Ce livre est fondamental pour qui veut comprendre de l’intérieur l’œuvre de Pierre Tal Coat. Dirigés par celui qui contribua largement à la faire connaître par la galerie et les Editions Clivages (Jean-Pascal Léger), ces entretiens montrent la problématique esthétique et existentielle de celui qui affirme : « Nous ne vivons que de l’à peu près, toujours, c’est en courant après cet à peu près que nous vivons. C’est notre être ».
Pour autant, cette course à l’échalote réclame un travail de précision. Dans ce but, l’artiste rejette les peintures acryliques et à l’huile. Elles sont au plus secondaires et lorsqu’il utilise la seconde c’est sous forme de « boue gelée ». Mais ce qui l’intéresse reste le dessin, car il met en évidence la structure comme si la matière peinture ne fomentait qu’un effondrement en lieu et place d’une expansion significative.
En effet, Tal Coat se veut un peintre de l’expansion : mais elle prend chez lui une dimension particulière. Il ne s’agit pas de reproduire du réel mais d’en appeler à ce que l’artiste nomme « ciel » : il n’existe pour lui pas de perception sans ce dernier. Mais il n’est pas considéré comme une entité de l’ordre de l’éther vague : « il est à vos pieds, il s’est abîmé à vos pieds ». Car le moindre reflet ou trace du soc dans la terre implique le ciel.
Lui seul donne forme en la révélant. Cela demande un long exercice solitaire de réflexion et de création. L’art réclame cette rigueur pour atteindre les rapports minimalistes essentiels qui sont apparemment ce que Beckett nomma « des absences de rapports». Mais qui en fait ne sont que l’effacement des schémas qui préexistent.

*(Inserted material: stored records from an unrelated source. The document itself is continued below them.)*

(* Let $\lambda\neq0$ be real and $n,k\ge1$ integers with $n\ge k$. Then $$\sum_{j=0}^{n}\binom{n+k-1}{j}S_{2,\lambda}^{[2]}(n-j+k,2k)\,\beta_{j,\lambda} =(n+k-1)!\Bigg\{\sum_{l=k}^{n}\frac{S_{2,\lambda}^{[2]}(l+k-2,2k-2)}{(l+k-2)!}(-\lambda)^{n-l} +\sum_{j=k}^{n}\sum_{l=k}^{j}\frac{S_{2,\lambda}^{[2]}(l+k-2,2k-2)\,\beta_{n-j,\lambda}\,(-\lambda)^{j-l+1}}{(l+k-2)!\,(n-j)!}\Bigg\}.$$
   Context: For real $\lambda\neq0$, $(x)_{0,\lambda}=1$, $(x)_{n,\lambda}=x(x-\lambda)\cdots(x-(n-1)\lambda)$ for $n\ge1$; $e_{\lambda}(t)=\sum_{k\ge0}(1)_{k,\lambda}\frac{t^k}{k!}=(1+\lambda t)^{1/\lambda}$ (formal power series). The $2$-truncated degenerate Stirling numbers of the second kind: for $k\ge0$, $\frac{1}{k!}(e_\lambda(t)-1-t)^k=\sum_{n\ge 2k}S^{[2]}_{2,\lambda}(n,2k)\frac{t^n}{n!}$, with $S^{[2]}_{2,\lambda}(n,2k)=0$ for $0\le n<2k$ (so $S^{[2]}_{2,\lambda}(n,0)=1$ if $n=0$ and $0$ otherwise). The degenerate Bernoulli numbers: $\frac{t}{e_\lambda(t)-1}=\sum_{n\ge0}\beta_{n,\lambda}\frac{t^n}{n!}$. *)

From mathcomp Require Import all_boot all_order all_algebra.
Set Implicit Arguments. Unset Strict Implicit. Unset Printing Implicit Defensive.
Import Order.TTheory GRing.Theory Num.Theory.
Local Open Scope ring_scope.

(* Formal power series over R are represented by their coefficient
   sequences  f : nat -> R  (f n = coefficient of t^n). *)

Section PS.
Variable R : realFieldType.

Definition ps_mul (f g : nat -> R) : nat -> R :=
  fun n => \sum_(i < n.+1) f i * g (n - i)%N.

Definition ps_one : nat -> R := fun n => if n == 0%N then 1 else 0.

Fixpoint ps_pow (f : nat -> R) (k : nat) : nat -> R :=
  match k with
  | 0%N => ps_one
  | k'.+1 => ps_mul f (ps_pow f k')
  end.

Fixpoint ps_inv_seq (c : nat -> R) (n : nat) : seq R :=
  match n with
  | 0%N => [:: (c 0%N)^-1]
  | n'.+1 => let s := ps_inv_seq c n' in
             rcons s (- (c 0%N)^-1 *
                      \sum_(i < n'.+1) c i.+1 * nth 0 s (n' - i)%N)
  end.

Definition ps_inv (c : nat -> R) : nat -> R :=
  fun n => nth 0 (ps_inv_seq c n) n.

Definition dfall (lam x : R) (n : nat) : R :=
  \prod_(i < n) (x - i%:R * lam).

Definition e_lam (lam : R) : nat -> R :=
  fun n => dfall lam 1 n / (n`!)%:R.

Definition e_lam_trunc2 (lam : R) : nat -> R :=
  fun n => if (n <= 1)%N then 0 else e_lam lam n.

(* S2trunc lam n k = S^{[2]}_{2,lam}(n, 2k), defined by
   (1/k!) (e_lam(t) - 1 - t)^k = sum_n S^{[2]}_{2,lam}(n,2k) t^n / n! *)
Definition S2trunc (lam : R) (n k : nat) : R :=
  (n`!)%:R * (ps_pow (e_lam_trunc2 lam) k n / (k`!)%:R).

(* (e_lam(t) - 1)/t = sum_m (1)_{m+1,lam}/(m+1)! t^m  (constant term 1) *)
Definition e_lam_m1_div_t (lam : R) : nat -> R :=
  fun m => e_lam lam m.+1.

(* degenerate Bernoulli numbers:
   t/(e_lam(t) - 1) = ((e_lam(t)-1)/t)^{-1} = sum_n beta_{n,lam} t^n/n! *)
Definition dbeta (lam : R) (n : nat) : R :=
  (n`!)%:R * ps_inv (e_lam_m1_div_t lam) n.

End PS.

From mathcomp Require Import all_boot all_order all_algebra.
From mathcomp Require Import ring zify.
Import Order.TTheory GRing.Theory Num.Theory.
Local Open Scope ring_scope.

Set Implicit Arguments.
Unset Strict Implicit.
Unset Printing Implicit Defensive.

(* Put T = e_lam(t) - 1 - t, Q = (e_lam(t) - 1) / t, B = 1 / Q and
   V = 1 / (1 + lam t).
   The degenerate exponential solves (1 + lam t) e_lam' = e_lam, so
   B (e_lam' - 1) = t V - lam t B V and hence
   B (T^k)' = k T^(k-1) (t V - lam t B V).
   The coefficient of t^(n+k-1) on the left is, up to (n+k-1)!/k!, the
   left-hand side of the identity; on the right it splits into the
   coefficients of T^(k-1) V and of B T^(k-1) V, which are the two sums.
   Formal power series are manipulated through their truncations, which
   multiply like polynomials modulo t^N. *)

Lemma big_nat_shift (T : Type) (idx : T) (op : T -> T -> T)
    (F G : nat -> T) (a b c d : nat) :
  (b - a = d - c)%N -> (forall i, (i < b - a)%N -> F (i + a)%N = G (i + c)%N) ->
  \big[op/idx]_(a <= i < b) F i = \big[op/idx]_(c <= i < d) G i.
Proof.
move=> hlen hFG; rewrite -[a]add0n -[c]add0n !big_addn -hlen.
by apply: eq_big_nat => i /andP [_ hi]; apply: hFG.
Qed.

Lemma natr_fact_neq0 (R : numDomainType) n : n`!%:R != 0 :> R.
Proof. by rewrite pnatr_eq0 -lt0n fact_gt0. Qed.

Section CongruenceModXn.
Variable R : nzRingType.
Implicit Types p q : {poly R}.

Definition eqmodX (N : nat) p q := take_poly N p = take_poly N q.

Lemma eqmodXP N p q : eqmodX N p q <-> (forall i, (i < N)%N -> p`_i = q`_i).
Proof.
rewrite /eqmodX; split=> [h i hi | h].
  by have := congr1 (fun r : {poly R} => r`_i) h; rewrite /= !coef_take_poly hi.
by apply/polyP => i; rewrite !coef_take_poly; case: ifP => // /h.
Qed.

Lemma eqmodX_refl N p : eqmodX N p p.
Proof. by []. Qed.

Lemma eqmodX_sym N p q : eqmodX N p q -> eqmodX N q p.
Proof. exact: esym. Qed.

Lemma eqmodX_trans N p q r : eqmodX N p q -> eqmodX N q r -> eqmodX N p r.
Proof. exact: etrans. Qed.

Lemma eqmodX_add N p p' q q' :
  eqmodX N p p' -> eqmodX N q q' -> eqmodX N (p + q) (p' + q').
Proof. by rewrite /eqmodX !take_polyD => -> ->. Qed.

Lemma eqmodX_sub N p p' q q' :
  eqmodX N p p' -> eqmodX N q q' -> eqmodX N (p - q) (p' - q').
Proof.
move=> /eqmodXP h1 /eqmodXP h2.
by apply/eqmodXP => i hi; rewrite !coefB h1 ?h2.
Qed.

Lemma eqmodX_mul N p p' q q' :
  eqmodX N p p' -> eqmodX N q q' -> eqmodX N (p * q) (p' * q').
Proof.
move=> /eqmodXP h1 /eqmodXP h2; apply/eqmodXP => i hi; rewrite !coefM.
by apply: eq_bigr => j _; have hj := ltn_ord j; rewrite h1 ?h2 //; lia.
Qed.

Lemma eqmodX_muln N p q k : eqmodX N p q -> eqmodX N (p *+ k) (q *+ k).
Proof. by move=> /eqmodXP h; apply/eqmodXP => i hi; rewrite !coefMn h. Qed.

Lemma eqmodX_exp N p q k : eqmodX N p q -> eqmodX N (p ^+ k) (q ^+ k).
Proof. by move=> h; elim: k => [|k ih] //; rewrite !exprS; apply: eqmodX_mul. Qed.

Lemma eqmodX_deriv N p q : eqmodX N.+1 p q -> eqmodX N p^`() q^`().
Proof. by move=> /eqmodXP h; apply/eqmodXP => i hi; rewrite !coef_deriv h. Qed.

End CongruenceModXn.

Section FormalSeries.
Variable R : realFieldType.
Implicit Types f g c : nat -> R.

Definition ps_trunc (N : nat) f : {poly R} := \poly_(i < N) f i.

Definition ps_deriv f : nat -> R := fun i => f i.+1 *+ i.+1.

Lemma coef_ps_trunc N f i : (i < N)%N -> (ps_trunc N f)`_i = f i.
Proof. by move=> hi; rewrite coef_poly hi. Qed.

Lemma ps_trunc_le M N f : (M <= N)%N -> eqmodX M (ps_trunc N f) (ps_trunc M f).
Proof.
by move=> hMN; apply/eqmodXP => i hi; rewrite !coef_ps_trunc // (leq_trans hi).
Qed.

Lemma coef_ps_trunc_mul N f g n :
  (n < N)%N -> (ps_trunc N f * ps_trunc N g)`_n = ps_mul f g n.
Proof.
move=> hn; rewrite coefM; apply: eq_bigr => i _.
have hi := ltn_ord i; rewrite !coef_ps_trunc //; lia.
Qed.

Lemma ps_trunc_mul N f g :
  eqmodX N (ps_trunc N (ps_mul f g)) (ps_trunc N f * ps_trunc N g).
Proof. by apply/eqmodXP => i hi; rewrite coef_ps_trunc_mul ?coef_ps_trunc. Qed.

Lemma ps_trunc_one N : eqmodX N (ps_trunc N (ps_one R)) 1.
Proof.
apply/eqmodXP => i hi.
by rewrite coef_ps_trunc // coef1 /ps_one; case: (i == 0%N).
Qed.

Lemma ps_trunc_pow N f k :
  eqmodX N (ps_trunc N (ps_pow f k)) (ps_trunc N f ^+ k).
Proof.
elim: k => [|k ih] /=; first exact: ps_trunc_one.
rewrite exprS; apply: eqmodX_trans (ps_trunc_mul _ _ _) _.
exact: eqmodX_mul (eqmodX_refl _ _) ih.
Qed.

Lemma ps_trunc_deriv N f : ps_trunc N (ps_deriv f) = (ps_trunc N.+1 f)^`().
Proof.
apply/polyP => i; rewrite coef_deriv !coef_poly ltnS.
by case: ifP => // _; rewrite mul0rn.
Qed.

Lemma ps_trunc_deriv_pow N f k :
  eqmodX N (ps_trunc N (ps_deriv (ps_pow f k)))
           (ps_trunc N (ps_deriv f) * ps_trunc N f ^+ k.-1 *+ k).
Proof.
rewrite !ps_trunc_deriv.
apply: eqmodX_trans (eqmodX_deriv (ps_trunc_pow _ _ _)) _.
rewrite deriv_exp; apply/eqmodX_muln/eqmodX_mul; first exact: eqmodX_refl.
exact/eqmodX_exp/ps_trunc_le.
Qed.

Lemma ps_mulC f g n : ps_mul f g n = ps_mul g f n.
Proof.
rewrite /ps_mul (reindex_inj rev_ord_inj); apply: eq_bigr => i _ /=.
by rewrite subKn 1?mulrC // -ltnS.
Qed.

Lemma ps_mul_from a f g n : (forall i, (i < a)%N -> f i = 0) ->
  ps_mul f g n = \sum_(a <= i < n.+1) f i * g (n - i)%N.
Proof.
move=> f0; have [han | hna] := leqP a n.+1; last first.
  rewrite big_geq ?(ltnW hna) // /ps_mul big1 // => i _.
  by rewrite f0 ?mul0r // (leq_trans (ltn_ord i) (ltnW hna)).
rewrite /ps_mul -(big_mkord xpredT (fun i => f i * g (n - i)%N)).
rewrite (@big_cat_nat _ _ _ a 0 n.+1) //= big_nat_cond big1 ?add0r //.
by move=> i /andP [/andP [_ hi] _]; rewrite f0 ?mul0r.
Qed.

Lemma ps_mul_eq0 a f g n : (forall i, (i < a)%N -> f i = 0) -> (n < a)%N ->
  ps_mul f g n = 0.
Proof. by move=> f0 hn; rewrite (ps_mul_from _ _ f0) big_geq. Qed.

Lemma ps_pow_eq0 d f k n : (forall i, (i < d)%N -> f i = 0) -> (n < d * k)%N ->
  ps_pow f k n = 0.
Proof.
move=> f0; elim: k n => [|k ih] n hn; first by rewrite muln0 in hn.
rewrite /= (ps_mul_from _ _ f0) big_nat_cond big1 //.
move=> i /andP [/andP [hdi hin] _].
by rewrite ih ?mulr0 //; lia.
Qed.

Lemma size_ps_inv_seq c n : size (ps_inv_seq c n) = n.+1.
Proof. by elim: n => [|n ih] //=; rewrite size_rcons ih. Qed.

Lemma nth_ps_inv_seq c n i : (i <= n)%N -> nth 0 (ps_inv_seq c n) i = ps_inv c i.
Proof.
elim: n => [|n ih] hi; first by move: hi; rewrite leqn0 => /eqP ->.
rewrite leq_eqVlt in hi; case/orP: hi => [/eqP -> // | hi].
by rewrite /= nth_rcons size_ps_inv_seq hi ih.
Qed.

Lemma ps_invS c n :
  ps_inv c n.+1 = - (c 0%N)^-1 * \sum_(i < n.+1) c i.+1 * ps_inv c (n - i)%N.
Proof.
rewrite /ps_inv /= nth_rcons size_ps_inv_seq ltnn eqxx; congr (_ * _).
by apply: eq_bigr => i _; rewrite nth_ps_inv_seq // leq_subr.
Qed.

Lemma ps_mul_inv c n : c 0%N != 0 -> ps_mul c (ps_inv c) n = ps_one R n.
Proof.
move=> c0; rewrite /ps_mul /ps_one; case: n => [|n].
  by rewrite big_ord1 /ps_inv /= mulfV.
rewrite big_ord_recl /= subn0 ps_invS mulrA mulrN mulfV // mulN1r.
by under [X in _ + X]eq_bigr => i _ do rewrite subSS; rewrite addNr.
Qed.

Lemma binomial_egf_deriv f g m :
  \sum_(0 <= j < m.+1)
     'C(m, j)%:R * (((m - j).+1)`!%:R * f (m - j).+1) * (j`!%:R * g j)
  = m`!%:R * ps_mul g (ps_deriv f) m.
Proof.
rewrite /ps_mul big_distrr big_mkord; apply: eq_bigr => j _ /=.
have hj : (j <= m)%N by rewrite -ltnS.
have hfact : ('C(m, j) * ((m - j).+1)`! * j`! = m`! * (m - j).+1)%N.
  by rewrite factS -(bin_fact hj); lia.
rewrite /ps_deriv -mulr_natl.
transitivity (('C(m, j) * ((m - j).+1)`! * j`!)%N%:R * (f (m - j).+1 * g j));
  first by rewrite !natrM; ring.
by rewrite hfact natrM; ring.
Qed.

End FormalSeries.

Section DegenerateExponential.
Variables (R : realFieldType) (lam : R).

Local Notation E := (e_lam lam).
Local Notation T := (e_lam_trunc2 lam).
Local Notation Q := (e_lam_m1_div_t lam).
Local Notation B := (ps_inv (e_lam_m1_div_t lam)).
Local Notation V := (fun i : nat => (- lam) ^+ i).
Local Notation W k := (ps_mul (ps_pow (e_lam_trunc2 lam) k.-1) V).

Lemma e_lam0 : E 0 = 1.
Proof. by rewrite /e_lam /dfall big_ord0 fact0 divr1. Qed.

Lemma e_lam1 : E 1 = 1.
Proof. by rewrite /e_lam /dfall big_ord1 /= mul0r subr0 divr1. Qed.

Lemma e_lamS i : i.+1%:R * E i.+1 = (1 - i%:R * lam) * E i.
Proof.
rewrite /e_lam /dfall big_ord_recr /= factS natrM.
have hS : 1 + i%:R != 0 :> R by rewrite -mulrS pnatr_eq0.
by field; rewrite hS natr_fact_neq0.
Qed.

Lemma e_lam_trunc2_eq0 i : (i < 2)%N -> T i = 0.
Proof. by case: i => [|[|]]. Qed.

Section Truncated.
Variable N : nat.
Local Notation tr := (ps_trunc N).
Local Notation L := (1 + lam%:P * 'X).

Lemma coef_one_add_lamX_mul p i :
  (L * p)`_i = p`_i + (if i is j.+1 then lam * p`_j else 0).
Proof.
rewrite mulrDl mul1r -mulrA coefD coefCM coefXM.
by case: i => [|i] /=; rewrite ?mulr0.
Qed.

Lemma ps_trunc_e_lam : eqmodX N (tr E) (1 + 'X * tr Q).
Proof.
apply/eqmodXP => i hi; rewrite coefD coef1 coefXM coef_ps_trunc //.
by case: i hi => [|i] hi; rewrite ?e_lam0 ?addr0 // add0r coef_ps_trunc // ltnW.
Qed.

Lemma ps_trunc_e_lam_ode : eqmodX N (L * tr (ps_deriv E)) (tr E).
Proof.
apply/eqmodXP => i hi; rewrite coef_one_add_lamX_mul !coef_ps_trunc //.
case: i hi => [|i] hi; first by rewrite /ps_deriv e_lam1 e_lam0 addr0.
rewrite coef_ps_trunc ?(ltnW hi) // /ps_deriv.
rewrite -[e_lam _ i.+2 *+ _]mulr_natl -[e_lam _ i.+1 *+ _]mulr_natl e_lamS.
by ring.
Qed.

Lemma ps_trunc_geom : eqmodX N (L * tr V) 1.
Proof.
apply/eqmodXP => i hi; rewrite coef_one_add_lamX_mul coef1 coef_ps_trunc //.
case: i hi => [|i] hi; first by rewrite addr0.
by rewrite coef_ps_trunc ?(ltnW hi) // exprS /=; ring.
Qed.

Lemma ps_trunc_e_lam_m1_div_t_inv : eqmodX N (tr Q * tr B) 1.
Proof.
apply/eqmodXP => i hi; rewrite coef_ps_trunc_mul // ps_mul_inv.
  by rewrite coef1 /ps_one; case: (i == 0%N).
by rewrite /e_lam_m1_div_t e_lam1 oner_eq0.
Qed.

Si bien que la création de Tal Coat, l’élévation terrestre de son travail passent par tout une « prise » quasi-minimaliste et de retranchement mais dans laquelle l’espace demeure ouvert. Existe dès lors non un commentaire ou une narration du visible mais sa “décréation”-recréation en une jonction avec ce qui est nommé « nature ». D’où, souvent dans l’œuvre, un renversement : le noir et blanc crée la couleur, l’art ouvre à la méditation.
Le texte par sa profondeur devient un belvédère capable d’orienter tous les amateurs d’art. Et les professionnels aussi.
jean-paul gavard-perret
Pierre Tal Coat, L’Immobilité battante, entretiens avec Jean-Pascal Léger, L’atelier contemporain, Strasbourg, 2017, 120 p. — 20,00 €.